■ **Exercise**
Look through the data below, and copy each line that carries the word "Htime".

[Source records — start]

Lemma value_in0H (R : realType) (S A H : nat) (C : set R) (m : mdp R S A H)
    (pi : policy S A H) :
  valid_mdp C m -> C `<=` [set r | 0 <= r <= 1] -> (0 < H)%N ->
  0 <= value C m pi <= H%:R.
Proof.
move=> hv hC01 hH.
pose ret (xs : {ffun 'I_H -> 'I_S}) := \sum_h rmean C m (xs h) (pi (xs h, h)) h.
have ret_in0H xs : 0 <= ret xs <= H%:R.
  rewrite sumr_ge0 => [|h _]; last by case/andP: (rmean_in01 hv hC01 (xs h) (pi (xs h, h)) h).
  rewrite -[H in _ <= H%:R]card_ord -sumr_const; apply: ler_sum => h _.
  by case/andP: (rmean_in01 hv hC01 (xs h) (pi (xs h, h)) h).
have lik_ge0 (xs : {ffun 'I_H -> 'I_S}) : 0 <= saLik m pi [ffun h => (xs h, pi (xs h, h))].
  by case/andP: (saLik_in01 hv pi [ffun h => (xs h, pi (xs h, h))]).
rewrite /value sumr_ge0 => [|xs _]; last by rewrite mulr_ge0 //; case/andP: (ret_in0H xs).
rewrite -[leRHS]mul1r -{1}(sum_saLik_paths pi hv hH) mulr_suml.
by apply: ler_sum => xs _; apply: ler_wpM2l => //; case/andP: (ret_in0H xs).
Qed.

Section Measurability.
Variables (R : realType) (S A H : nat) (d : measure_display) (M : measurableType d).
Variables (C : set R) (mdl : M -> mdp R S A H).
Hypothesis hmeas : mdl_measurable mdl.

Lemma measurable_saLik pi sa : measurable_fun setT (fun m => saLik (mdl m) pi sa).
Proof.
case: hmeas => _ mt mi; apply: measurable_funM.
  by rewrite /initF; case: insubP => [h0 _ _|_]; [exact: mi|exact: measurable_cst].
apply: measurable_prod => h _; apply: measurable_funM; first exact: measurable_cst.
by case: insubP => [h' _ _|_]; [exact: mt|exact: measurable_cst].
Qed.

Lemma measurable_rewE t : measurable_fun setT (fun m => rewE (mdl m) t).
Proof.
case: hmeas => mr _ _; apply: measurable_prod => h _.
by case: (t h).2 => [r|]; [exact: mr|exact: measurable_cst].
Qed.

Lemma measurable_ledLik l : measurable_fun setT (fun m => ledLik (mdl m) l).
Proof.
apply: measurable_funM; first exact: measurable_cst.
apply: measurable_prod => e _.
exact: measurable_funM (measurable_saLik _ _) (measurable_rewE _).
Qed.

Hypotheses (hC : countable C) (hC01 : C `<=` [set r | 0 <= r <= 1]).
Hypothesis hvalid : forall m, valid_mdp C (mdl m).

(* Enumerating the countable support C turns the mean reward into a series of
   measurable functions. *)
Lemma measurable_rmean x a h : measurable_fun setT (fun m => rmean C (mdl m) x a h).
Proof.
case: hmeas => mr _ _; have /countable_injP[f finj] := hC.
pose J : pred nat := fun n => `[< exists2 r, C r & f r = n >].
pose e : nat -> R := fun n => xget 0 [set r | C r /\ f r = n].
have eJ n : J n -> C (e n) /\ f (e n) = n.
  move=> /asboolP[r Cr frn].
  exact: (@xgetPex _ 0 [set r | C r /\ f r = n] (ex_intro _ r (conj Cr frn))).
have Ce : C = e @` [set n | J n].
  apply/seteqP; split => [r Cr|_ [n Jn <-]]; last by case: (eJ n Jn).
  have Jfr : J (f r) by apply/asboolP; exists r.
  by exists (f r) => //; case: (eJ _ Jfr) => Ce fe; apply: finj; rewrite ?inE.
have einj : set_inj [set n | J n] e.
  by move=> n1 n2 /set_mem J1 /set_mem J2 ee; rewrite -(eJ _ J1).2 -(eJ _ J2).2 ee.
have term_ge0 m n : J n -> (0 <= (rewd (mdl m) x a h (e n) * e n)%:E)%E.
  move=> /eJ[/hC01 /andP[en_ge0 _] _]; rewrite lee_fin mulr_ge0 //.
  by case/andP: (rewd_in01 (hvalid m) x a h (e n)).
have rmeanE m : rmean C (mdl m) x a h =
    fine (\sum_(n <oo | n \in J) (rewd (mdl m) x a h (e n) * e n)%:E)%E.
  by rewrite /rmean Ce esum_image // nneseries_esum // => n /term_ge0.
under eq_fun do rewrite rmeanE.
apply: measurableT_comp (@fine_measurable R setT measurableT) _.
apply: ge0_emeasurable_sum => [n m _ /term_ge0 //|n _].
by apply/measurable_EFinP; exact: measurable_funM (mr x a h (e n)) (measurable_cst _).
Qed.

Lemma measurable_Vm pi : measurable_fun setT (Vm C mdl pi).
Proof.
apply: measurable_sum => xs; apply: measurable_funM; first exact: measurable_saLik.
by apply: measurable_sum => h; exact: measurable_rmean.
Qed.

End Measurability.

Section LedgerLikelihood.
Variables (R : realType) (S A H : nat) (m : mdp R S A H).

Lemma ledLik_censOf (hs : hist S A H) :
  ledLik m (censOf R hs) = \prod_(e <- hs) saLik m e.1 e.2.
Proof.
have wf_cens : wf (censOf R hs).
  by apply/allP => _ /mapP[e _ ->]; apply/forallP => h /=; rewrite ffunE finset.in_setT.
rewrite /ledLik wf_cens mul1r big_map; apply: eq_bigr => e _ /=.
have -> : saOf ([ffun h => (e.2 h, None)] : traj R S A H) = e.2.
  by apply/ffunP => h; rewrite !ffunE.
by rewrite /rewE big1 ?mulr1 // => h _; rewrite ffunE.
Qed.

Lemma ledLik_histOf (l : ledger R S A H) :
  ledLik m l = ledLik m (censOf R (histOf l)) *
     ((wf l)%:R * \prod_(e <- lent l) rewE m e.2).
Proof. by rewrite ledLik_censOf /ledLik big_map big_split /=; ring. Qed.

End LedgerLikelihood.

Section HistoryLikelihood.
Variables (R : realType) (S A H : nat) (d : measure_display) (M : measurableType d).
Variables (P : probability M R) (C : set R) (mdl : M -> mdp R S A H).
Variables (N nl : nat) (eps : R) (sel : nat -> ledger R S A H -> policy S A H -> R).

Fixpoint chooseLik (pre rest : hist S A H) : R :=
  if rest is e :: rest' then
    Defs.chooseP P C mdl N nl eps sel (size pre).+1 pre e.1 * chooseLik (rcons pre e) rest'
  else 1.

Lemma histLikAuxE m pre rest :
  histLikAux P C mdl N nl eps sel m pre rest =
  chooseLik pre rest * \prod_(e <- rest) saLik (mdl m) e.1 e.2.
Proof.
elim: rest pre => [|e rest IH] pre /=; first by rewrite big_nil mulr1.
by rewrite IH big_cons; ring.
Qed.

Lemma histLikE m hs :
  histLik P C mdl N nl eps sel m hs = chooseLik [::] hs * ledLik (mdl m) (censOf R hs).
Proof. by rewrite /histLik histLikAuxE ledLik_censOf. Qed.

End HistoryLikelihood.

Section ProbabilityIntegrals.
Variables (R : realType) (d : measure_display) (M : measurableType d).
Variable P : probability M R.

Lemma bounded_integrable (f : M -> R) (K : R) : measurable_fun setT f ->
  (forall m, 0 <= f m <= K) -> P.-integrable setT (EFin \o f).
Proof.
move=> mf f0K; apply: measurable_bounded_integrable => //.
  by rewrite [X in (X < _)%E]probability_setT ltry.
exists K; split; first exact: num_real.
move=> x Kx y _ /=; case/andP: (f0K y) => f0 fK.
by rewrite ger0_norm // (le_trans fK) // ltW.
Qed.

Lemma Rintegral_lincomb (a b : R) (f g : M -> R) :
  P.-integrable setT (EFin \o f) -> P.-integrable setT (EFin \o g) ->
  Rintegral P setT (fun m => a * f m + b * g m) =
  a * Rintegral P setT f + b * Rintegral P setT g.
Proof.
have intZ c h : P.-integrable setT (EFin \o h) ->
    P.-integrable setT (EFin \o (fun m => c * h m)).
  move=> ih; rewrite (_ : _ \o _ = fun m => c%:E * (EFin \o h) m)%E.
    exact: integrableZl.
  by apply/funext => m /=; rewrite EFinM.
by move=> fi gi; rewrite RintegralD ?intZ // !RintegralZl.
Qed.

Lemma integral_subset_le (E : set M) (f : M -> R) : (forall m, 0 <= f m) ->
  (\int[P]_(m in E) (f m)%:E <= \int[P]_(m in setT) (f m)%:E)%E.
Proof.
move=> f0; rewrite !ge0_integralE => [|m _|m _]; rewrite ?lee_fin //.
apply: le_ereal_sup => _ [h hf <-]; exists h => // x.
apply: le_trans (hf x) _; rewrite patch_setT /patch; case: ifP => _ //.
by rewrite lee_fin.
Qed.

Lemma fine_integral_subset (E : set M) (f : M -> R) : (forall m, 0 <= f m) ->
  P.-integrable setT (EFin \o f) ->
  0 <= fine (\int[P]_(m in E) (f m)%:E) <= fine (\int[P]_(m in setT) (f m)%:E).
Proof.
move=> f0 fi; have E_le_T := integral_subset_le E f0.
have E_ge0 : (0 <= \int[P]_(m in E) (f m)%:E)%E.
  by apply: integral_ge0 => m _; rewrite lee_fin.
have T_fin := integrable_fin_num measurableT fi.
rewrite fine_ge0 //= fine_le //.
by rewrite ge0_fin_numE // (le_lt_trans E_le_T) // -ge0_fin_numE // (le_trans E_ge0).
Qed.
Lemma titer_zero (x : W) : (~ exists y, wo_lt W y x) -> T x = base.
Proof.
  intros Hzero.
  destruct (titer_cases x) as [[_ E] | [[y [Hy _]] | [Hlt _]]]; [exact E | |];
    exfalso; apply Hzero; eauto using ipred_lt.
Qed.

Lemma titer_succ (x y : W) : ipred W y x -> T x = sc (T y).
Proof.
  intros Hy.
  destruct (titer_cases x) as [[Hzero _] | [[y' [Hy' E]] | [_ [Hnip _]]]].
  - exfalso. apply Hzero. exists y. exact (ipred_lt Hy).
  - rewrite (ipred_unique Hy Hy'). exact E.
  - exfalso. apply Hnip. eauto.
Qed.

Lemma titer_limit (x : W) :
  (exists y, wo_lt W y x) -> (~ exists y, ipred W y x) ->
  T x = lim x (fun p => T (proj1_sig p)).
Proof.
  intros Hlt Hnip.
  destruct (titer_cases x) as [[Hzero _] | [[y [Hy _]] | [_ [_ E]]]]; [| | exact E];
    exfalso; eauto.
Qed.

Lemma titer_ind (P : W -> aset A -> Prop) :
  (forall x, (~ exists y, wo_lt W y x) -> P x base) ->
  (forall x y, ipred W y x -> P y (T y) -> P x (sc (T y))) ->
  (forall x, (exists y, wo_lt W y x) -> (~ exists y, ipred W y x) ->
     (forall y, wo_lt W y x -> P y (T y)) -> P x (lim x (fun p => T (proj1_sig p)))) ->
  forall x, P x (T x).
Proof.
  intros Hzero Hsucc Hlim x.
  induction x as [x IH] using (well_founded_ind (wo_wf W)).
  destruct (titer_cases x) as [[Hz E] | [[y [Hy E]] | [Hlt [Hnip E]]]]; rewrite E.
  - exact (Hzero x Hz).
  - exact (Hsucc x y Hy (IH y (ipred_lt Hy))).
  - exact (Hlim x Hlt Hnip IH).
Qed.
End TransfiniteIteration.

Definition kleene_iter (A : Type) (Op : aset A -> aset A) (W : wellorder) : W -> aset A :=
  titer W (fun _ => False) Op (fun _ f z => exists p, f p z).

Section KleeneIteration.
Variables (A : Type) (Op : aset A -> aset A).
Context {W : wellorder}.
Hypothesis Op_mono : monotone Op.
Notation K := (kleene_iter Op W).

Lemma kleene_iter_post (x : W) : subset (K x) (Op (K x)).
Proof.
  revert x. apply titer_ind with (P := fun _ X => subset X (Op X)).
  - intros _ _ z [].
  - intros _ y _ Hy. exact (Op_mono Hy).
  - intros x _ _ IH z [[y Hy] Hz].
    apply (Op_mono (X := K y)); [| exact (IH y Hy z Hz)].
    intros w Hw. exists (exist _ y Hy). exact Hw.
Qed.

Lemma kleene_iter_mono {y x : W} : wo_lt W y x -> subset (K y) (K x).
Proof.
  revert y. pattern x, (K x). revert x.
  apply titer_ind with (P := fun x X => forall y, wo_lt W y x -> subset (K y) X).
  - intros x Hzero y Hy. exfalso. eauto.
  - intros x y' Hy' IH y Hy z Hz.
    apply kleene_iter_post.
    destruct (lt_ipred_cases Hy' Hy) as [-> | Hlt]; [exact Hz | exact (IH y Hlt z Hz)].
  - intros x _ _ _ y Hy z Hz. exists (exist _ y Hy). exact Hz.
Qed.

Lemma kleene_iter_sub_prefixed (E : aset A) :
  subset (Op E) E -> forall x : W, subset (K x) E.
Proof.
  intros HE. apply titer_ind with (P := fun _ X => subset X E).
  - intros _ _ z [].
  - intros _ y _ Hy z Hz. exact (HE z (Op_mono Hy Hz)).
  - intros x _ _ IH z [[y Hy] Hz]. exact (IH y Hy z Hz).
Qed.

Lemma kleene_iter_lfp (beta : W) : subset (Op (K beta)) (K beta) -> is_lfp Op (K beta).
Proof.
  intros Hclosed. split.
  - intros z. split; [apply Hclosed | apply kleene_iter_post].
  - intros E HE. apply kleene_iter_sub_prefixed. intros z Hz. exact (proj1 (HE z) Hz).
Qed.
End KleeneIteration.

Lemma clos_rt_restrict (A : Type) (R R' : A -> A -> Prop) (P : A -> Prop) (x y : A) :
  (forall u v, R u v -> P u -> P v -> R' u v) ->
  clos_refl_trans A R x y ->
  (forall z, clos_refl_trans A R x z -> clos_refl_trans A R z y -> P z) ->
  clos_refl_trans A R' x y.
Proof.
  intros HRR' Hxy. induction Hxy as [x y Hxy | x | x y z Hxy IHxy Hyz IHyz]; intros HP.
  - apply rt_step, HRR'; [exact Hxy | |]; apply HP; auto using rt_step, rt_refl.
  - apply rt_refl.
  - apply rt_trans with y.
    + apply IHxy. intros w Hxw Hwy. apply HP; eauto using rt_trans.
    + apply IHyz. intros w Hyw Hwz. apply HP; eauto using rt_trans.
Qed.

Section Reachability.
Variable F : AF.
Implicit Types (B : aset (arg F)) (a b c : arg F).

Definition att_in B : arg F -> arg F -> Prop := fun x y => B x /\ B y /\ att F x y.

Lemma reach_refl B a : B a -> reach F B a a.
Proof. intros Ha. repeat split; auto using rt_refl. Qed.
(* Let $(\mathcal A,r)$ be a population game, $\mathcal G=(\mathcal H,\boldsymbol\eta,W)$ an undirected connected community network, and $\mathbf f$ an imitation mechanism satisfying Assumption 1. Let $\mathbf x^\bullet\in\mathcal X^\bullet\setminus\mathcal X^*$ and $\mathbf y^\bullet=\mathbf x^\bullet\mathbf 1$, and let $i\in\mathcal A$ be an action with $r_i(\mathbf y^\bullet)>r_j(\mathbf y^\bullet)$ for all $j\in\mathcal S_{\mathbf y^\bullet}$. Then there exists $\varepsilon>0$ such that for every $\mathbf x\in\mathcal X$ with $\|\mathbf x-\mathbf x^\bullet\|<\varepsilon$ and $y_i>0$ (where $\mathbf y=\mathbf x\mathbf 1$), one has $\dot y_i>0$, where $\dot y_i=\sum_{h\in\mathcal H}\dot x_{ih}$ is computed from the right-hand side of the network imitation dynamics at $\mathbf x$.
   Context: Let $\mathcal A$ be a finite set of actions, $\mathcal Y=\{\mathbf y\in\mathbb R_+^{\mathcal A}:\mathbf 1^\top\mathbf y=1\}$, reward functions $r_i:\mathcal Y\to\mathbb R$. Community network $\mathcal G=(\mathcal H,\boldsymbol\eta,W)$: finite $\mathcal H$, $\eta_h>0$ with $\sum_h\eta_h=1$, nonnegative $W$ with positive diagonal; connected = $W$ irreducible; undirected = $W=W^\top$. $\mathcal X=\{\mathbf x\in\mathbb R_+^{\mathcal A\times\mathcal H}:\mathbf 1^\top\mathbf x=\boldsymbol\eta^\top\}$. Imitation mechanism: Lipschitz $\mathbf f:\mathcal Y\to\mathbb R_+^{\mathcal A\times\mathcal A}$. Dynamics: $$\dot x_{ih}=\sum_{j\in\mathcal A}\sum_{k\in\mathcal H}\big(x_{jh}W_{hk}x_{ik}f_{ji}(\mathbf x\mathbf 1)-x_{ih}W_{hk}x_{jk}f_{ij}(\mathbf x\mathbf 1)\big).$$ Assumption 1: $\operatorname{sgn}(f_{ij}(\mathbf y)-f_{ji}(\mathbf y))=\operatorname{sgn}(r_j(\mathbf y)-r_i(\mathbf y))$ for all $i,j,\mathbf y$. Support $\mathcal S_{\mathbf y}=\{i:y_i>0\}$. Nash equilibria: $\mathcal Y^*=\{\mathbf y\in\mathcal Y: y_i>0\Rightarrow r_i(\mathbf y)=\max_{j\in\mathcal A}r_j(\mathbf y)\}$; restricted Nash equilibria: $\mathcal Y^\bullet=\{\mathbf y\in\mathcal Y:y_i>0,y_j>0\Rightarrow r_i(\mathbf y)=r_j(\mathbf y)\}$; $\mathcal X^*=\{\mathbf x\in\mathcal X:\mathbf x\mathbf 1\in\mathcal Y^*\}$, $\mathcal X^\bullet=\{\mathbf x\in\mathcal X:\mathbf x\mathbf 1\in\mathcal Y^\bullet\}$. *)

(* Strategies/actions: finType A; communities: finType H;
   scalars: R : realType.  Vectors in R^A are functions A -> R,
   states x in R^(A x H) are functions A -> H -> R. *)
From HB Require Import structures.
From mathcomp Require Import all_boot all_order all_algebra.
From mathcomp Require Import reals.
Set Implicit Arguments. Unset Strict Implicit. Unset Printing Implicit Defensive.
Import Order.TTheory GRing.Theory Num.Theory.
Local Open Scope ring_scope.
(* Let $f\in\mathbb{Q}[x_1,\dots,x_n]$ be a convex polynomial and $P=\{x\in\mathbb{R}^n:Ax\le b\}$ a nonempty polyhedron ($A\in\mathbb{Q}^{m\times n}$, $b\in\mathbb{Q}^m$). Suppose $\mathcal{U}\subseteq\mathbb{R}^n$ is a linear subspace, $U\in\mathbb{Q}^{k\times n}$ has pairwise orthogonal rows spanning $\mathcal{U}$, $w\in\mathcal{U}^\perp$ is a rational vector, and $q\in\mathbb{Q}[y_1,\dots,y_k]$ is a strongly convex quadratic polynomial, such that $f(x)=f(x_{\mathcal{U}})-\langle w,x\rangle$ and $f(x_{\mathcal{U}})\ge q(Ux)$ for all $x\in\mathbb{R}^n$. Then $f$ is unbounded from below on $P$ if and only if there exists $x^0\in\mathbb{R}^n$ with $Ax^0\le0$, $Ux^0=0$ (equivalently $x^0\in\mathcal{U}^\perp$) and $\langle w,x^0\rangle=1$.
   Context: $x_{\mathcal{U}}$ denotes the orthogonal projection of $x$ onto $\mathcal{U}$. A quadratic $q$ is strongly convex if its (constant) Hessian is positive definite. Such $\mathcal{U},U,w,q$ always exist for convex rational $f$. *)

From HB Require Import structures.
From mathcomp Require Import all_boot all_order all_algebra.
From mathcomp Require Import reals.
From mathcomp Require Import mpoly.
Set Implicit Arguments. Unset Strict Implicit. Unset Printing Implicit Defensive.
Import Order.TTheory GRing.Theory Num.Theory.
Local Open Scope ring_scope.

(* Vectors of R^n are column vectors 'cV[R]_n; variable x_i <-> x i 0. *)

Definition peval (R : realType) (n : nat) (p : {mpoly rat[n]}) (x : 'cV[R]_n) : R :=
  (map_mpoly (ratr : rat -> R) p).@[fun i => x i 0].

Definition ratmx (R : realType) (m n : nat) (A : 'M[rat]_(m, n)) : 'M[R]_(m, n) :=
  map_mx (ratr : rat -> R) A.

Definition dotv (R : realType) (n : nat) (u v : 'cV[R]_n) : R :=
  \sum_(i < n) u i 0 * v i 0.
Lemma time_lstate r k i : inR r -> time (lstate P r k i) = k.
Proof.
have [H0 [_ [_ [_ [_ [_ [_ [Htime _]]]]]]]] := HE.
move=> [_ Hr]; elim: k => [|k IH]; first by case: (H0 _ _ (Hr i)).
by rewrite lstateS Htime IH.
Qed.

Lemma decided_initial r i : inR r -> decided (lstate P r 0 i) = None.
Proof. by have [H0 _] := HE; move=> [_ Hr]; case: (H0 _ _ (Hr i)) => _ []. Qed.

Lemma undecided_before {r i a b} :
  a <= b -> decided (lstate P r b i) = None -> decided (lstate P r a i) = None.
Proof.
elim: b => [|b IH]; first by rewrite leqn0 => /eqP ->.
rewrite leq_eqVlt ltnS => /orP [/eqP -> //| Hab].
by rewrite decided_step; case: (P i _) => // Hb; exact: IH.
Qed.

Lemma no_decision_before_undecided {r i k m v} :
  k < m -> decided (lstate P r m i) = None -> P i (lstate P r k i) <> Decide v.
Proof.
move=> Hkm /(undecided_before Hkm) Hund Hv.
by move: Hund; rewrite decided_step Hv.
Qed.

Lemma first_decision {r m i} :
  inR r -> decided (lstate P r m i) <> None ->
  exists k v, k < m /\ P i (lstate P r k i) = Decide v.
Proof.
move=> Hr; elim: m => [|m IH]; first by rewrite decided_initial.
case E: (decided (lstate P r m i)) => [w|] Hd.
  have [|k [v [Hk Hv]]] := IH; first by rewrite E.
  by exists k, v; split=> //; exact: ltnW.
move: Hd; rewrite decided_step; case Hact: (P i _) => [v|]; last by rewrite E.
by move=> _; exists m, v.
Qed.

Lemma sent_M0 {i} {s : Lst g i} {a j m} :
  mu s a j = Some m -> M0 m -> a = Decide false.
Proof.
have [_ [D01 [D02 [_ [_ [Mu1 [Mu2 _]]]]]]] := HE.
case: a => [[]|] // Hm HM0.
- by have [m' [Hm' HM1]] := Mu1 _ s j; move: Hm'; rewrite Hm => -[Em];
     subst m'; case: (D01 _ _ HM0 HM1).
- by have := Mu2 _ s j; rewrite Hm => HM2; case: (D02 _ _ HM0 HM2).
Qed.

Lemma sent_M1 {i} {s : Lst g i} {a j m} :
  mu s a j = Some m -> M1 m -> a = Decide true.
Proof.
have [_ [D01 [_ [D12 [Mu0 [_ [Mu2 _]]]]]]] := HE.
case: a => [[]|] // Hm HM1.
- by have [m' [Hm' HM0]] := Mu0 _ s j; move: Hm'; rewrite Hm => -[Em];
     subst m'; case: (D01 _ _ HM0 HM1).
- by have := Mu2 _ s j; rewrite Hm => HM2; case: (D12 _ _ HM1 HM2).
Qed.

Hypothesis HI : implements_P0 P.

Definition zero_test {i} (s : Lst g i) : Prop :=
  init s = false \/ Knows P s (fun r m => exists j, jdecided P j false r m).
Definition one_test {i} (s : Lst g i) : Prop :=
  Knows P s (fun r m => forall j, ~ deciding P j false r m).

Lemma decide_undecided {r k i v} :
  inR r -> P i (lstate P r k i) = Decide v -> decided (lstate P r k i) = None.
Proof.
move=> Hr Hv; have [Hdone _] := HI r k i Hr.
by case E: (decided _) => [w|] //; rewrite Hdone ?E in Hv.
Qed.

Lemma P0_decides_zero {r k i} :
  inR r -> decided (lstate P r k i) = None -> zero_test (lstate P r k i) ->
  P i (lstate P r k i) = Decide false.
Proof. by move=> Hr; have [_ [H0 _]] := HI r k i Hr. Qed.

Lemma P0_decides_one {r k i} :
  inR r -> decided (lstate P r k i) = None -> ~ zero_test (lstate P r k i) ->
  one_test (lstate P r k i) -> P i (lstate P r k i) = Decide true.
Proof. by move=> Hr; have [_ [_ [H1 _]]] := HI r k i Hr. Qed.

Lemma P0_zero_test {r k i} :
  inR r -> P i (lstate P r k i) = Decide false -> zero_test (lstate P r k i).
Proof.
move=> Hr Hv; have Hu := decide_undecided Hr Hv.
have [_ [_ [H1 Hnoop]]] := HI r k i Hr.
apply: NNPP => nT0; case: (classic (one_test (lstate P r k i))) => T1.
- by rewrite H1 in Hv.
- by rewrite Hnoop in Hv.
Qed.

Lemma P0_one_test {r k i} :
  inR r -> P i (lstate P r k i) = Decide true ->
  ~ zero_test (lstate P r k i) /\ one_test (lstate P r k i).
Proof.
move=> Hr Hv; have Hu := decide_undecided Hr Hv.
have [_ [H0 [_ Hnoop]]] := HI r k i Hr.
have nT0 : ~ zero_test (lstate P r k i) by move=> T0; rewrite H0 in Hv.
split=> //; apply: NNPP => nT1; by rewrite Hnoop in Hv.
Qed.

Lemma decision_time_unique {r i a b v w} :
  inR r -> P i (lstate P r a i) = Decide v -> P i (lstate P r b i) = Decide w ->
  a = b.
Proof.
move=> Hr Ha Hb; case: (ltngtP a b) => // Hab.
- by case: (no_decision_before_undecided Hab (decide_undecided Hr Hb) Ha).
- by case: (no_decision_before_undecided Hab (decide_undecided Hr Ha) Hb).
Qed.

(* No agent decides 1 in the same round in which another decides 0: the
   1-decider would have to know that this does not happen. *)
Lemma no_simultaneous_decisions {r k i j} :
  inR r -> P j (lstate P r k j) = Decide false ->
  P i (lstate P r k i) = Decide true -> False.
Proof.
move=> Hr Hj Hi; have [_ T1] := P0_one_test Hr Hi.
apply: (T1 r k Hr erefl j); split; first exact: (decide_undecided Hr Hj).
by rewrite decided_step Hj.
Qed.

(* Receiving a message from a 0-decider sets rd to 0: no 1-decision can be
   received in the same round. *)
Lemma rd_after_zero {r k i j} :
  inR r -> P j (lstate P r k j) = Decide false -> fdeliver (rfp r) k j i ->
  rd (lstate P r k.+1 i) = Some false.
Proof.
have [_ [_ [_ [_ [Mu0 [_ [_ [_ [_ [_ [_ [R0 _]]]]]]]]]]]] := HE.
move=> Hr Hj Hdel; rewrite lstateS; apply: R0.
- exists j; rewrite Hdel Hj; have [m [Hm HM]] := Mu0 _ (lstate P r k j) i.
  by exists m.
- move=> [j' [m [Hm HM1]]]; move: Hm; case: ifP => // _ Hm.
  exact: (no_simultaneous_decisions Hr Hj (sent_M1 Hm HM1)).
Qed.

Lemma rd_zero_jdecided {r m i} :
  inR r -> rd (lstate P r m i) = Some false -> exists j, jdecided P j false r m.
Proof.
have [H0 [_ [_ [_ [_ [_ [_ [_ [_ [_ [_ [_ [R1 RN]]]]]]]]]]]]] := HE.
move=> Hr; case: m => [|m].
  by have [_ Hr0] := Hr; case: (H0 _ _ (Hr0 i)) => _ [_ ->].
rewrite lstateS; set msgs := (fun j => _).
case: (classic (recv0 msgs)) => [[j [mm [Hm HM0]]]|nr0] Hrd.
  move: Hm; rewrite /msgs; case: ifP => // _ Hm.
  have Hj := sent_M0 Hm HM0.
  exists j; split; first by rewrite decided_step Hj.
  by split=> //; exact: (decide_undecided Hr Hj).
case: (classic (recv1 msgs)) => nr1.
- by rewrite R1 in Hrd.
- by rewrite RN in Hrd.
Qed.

[Source records — finish]

■ **Task response**
have [H0 [_ [_ [_ [_ [_ [_ [Htime _]]]]]]]] := HE.
by rewrite lstateS Htime IH.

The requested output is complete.